Required work:
In the entries that follow, the line with "(forall e t, 0" opens the range and the line with "(forall p, ~~ valid p -> D p = 0)." closes it; repeat that range exactly, both lines included.

--- Records provided Enclosed Below ---

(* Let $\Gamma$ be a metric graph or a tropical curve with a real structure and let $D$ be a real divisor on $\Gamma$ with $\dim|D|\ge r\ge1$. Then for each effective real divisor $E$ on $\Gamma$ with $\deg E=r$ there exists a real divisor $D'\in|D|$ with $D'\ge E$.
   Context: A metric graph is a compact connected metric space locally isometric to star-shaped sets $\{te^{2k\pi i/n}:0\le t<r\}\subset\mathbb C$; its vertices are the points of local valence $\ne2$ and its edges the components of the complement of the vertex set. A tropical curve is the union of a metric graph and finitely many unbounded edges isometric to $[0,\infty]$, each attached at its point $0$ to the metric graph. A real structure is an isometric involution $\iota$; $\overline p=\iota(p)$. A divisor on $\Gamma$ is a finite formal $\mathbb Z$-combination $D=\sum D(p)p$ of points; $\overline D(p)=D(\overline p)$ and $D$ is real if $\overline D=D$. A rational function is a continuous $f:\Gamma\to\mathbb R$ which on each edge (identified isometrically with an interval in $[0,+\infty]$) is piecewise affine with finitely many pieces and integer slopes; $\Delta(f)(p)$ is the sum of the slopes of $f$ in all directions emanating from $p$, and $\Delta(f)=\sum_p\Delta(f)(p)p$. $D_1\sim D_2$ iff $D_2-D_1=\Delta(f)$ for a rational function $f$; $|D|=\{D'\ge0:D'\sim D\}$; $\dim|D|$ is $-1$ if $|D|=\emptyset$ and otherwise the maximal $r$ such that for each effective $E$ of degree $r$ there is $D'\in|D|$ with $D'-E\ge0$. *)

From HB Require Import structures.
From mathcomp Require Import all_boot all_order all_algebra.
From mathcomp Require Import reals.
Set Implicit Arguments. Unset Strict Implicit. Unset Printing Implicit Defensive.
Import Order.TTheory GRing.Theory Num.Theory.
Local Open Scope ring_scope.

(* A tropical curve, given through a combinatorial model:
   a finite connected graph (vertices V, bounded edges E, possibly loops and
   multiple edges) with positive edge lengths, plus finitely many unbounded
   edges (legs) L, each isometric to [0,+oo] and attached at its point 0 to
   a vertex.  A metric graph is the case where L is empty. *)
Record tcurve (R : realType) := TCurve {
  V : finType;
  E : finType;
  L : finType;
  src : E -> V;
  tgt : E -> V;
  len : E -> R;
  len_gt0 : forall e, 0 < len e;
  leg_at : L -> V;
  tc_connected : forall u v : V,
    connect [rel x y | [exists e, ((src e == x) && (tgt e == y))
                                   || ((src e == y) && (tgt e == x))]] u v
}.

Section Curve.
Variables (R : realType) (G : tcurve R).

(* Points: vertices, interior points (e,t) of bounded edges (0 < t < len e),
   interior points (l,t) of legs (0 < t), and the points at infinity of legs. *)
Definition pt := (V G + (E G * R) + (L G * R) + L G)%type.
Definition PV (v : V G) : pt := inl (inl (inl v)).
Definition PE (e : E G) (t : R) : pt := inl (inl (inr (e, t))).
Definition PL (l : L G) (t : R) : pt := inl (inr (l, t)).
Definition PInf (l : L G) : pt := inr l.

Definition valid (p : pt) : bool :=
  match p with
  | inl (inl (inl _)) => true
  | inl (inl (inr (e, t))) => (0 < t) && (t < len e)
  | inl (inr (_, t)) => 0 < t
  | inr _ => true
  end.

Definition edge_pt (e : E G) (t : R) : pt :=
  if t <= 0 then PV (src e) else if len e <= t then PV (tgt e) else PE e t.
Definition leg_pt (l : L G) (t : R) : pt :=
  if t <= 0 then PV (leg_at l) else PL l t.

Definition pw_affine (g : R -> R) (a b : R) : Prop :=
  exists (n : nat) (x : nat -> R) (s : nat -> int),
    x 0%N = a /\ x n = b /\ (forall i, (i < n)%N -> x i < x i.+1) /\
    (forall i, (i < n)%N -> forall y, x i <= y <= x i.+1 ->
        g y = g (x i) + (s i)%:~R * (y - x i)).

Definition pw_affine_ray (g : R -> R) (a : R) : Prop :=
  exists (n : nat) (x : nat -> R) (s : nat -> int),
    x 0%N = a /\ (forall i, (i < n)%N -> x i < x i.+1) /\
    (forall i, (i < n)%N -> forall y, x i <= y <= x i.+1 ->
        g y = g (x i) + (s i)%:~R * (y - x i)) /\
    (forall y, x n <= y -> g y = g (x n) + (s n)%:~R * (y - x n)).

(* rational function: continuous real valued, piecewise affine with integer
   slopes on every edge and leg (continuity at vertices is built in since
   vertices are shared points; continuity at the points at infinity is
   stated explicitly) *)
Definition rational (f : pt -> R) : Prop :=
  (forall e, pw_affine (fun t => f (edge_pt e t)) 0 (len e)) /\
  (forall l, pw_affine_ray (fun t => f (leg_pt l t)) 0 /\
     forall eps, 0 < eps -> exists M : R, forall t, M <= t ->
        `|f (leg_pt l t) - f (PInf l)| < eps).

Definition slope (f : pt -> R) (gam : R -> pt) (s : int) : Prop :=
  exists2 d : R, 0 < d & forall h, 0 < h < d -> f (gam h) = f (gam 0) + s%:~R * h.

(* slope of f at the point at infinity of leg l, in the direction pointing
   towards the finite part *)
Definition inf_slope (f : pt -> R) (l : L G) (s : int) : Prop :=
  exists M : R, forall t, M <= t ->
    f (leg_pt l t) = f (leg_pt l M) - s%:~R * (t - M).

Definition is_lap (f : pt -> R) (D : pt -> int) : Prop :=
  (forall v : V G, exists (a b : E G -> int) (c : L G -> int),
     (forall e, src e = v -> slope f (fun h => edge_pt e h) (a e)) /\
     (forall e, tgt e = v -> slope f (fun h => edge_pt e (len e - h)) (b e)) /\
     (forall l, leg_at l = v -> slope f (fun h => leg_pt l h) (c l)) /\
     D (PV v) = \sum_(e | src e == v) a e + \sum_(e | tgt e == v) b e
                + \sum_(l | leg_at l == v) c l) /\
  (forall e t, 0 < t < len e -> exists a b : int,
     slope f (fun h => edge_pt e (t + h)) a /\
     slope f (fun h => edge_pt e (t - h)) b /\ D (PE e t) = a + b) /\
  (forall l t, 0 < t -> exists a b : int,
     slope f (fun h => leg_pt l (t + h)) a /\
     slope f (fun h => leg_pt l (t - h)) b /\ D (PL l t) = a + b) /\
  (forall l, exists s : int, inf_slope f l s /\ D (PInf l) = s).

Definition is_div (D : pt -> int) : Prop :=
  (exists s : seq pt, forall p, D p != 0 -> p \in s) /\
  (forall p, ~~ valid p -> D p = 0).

--- End of Enclosed Records provided ---
--- Records provided Enclosed Below ---

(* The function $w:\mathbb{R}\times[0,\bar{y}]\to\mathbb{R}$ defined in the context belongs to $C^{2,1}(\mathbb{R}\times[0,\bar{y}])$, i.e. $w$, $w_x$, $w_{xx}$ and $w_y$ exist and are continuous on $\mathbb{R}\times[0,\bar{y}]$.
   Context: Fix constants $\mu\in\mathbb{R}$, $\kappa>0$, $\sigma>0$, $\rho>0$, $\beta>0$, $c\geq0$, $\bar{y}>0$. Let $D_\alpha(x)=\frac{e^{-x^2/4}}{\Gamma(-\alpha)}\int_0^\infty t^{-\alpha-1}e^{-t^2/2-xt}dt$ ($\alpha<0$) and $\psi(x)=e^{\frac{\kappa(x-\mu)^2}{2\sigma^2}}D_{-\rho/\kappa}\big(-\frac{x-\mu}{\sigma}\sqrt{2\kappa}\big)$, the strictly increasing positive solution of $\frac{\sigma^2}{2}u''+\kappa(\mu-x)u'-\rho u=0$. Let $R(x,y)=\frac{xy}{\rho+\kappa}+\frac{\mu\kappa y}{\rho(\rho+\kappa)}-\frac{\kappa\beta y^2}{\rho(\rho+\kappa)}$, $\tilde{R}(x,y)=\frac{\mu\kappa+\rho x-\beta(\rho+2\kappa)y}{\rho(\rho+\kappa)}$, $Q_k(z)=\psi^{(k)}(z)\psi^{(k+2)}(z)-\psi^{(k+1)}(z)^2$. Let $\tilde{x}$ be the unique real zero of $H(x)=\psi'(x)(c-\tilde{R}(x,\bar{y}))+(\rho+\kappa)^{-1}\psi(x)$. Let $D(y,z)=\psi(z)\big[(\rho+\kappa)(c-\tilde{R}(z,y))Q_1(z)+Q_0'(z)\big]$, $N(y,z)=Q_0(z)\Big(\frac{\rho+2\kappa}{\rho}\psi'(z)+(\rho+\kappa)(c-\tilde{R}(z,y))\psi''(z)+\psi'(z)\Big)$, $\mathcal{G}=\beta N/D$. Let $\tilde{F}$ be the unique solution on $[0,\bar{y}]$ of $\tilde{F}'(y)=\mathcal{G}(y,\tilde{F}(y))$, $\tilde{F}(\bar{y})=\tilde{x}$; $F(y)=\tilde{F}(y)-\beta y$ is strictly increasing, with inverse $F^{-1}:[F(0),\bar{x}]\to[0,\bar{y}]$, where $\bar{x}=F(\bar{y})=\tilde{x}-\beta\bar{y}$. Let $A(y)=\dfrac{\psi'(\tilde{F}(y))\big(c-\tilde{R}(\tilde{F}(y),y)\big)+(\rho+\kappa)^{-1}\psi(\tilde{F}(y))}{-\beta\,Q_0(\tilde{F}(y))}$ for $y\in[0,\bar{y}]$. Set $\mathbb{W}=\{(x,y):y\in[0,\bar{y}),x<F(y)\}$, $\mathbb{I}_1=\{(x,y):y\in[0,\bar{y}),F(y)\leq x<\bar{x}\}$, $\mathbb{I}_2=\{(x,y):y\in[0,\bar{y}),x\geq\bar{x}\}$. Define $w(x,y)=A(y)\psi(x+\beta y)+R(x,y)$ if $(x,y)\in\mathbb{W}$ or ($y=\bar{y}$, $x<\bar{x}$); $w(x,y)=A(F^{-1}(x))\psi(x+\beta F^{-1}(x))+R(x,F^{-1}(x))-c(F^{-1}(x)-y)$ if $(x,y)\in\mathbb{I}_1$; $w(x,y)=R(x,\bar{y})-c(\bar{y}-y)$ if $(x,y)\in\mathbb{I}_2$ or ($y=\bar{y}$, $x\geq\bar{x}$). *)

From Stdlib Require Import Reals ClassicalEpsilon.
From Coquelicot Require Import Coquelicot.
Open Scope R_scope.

--- End of Enclosed Records provided ---

Written reply:
  (forall e t, 0 < t < len e -> exists a b : int,
     slope f (fun h => edge_pt e (t + h)) a /\
     slope f (fun h => edge_pt e (t - h)) b /\ D (PE e t) = a + b) /\
  (forall l t, 0 < t -> exists a b : int,
     slope f (fun h => leg_pt l (t + h)) a /\
     slope f (fun h => leg_pt l (t - h)) b /\ D (PL l t) = a + b) /\
  (forall l, exists s : int, inf_slope f l s /\ D (PInf l) = s).

Definition is_div (D : pt -> int) : Prop :=
  (exists s : seq pt, forall p, D p != 0 -> p \in s) /\
  (forall p, ~~ valid p -> D p = 0).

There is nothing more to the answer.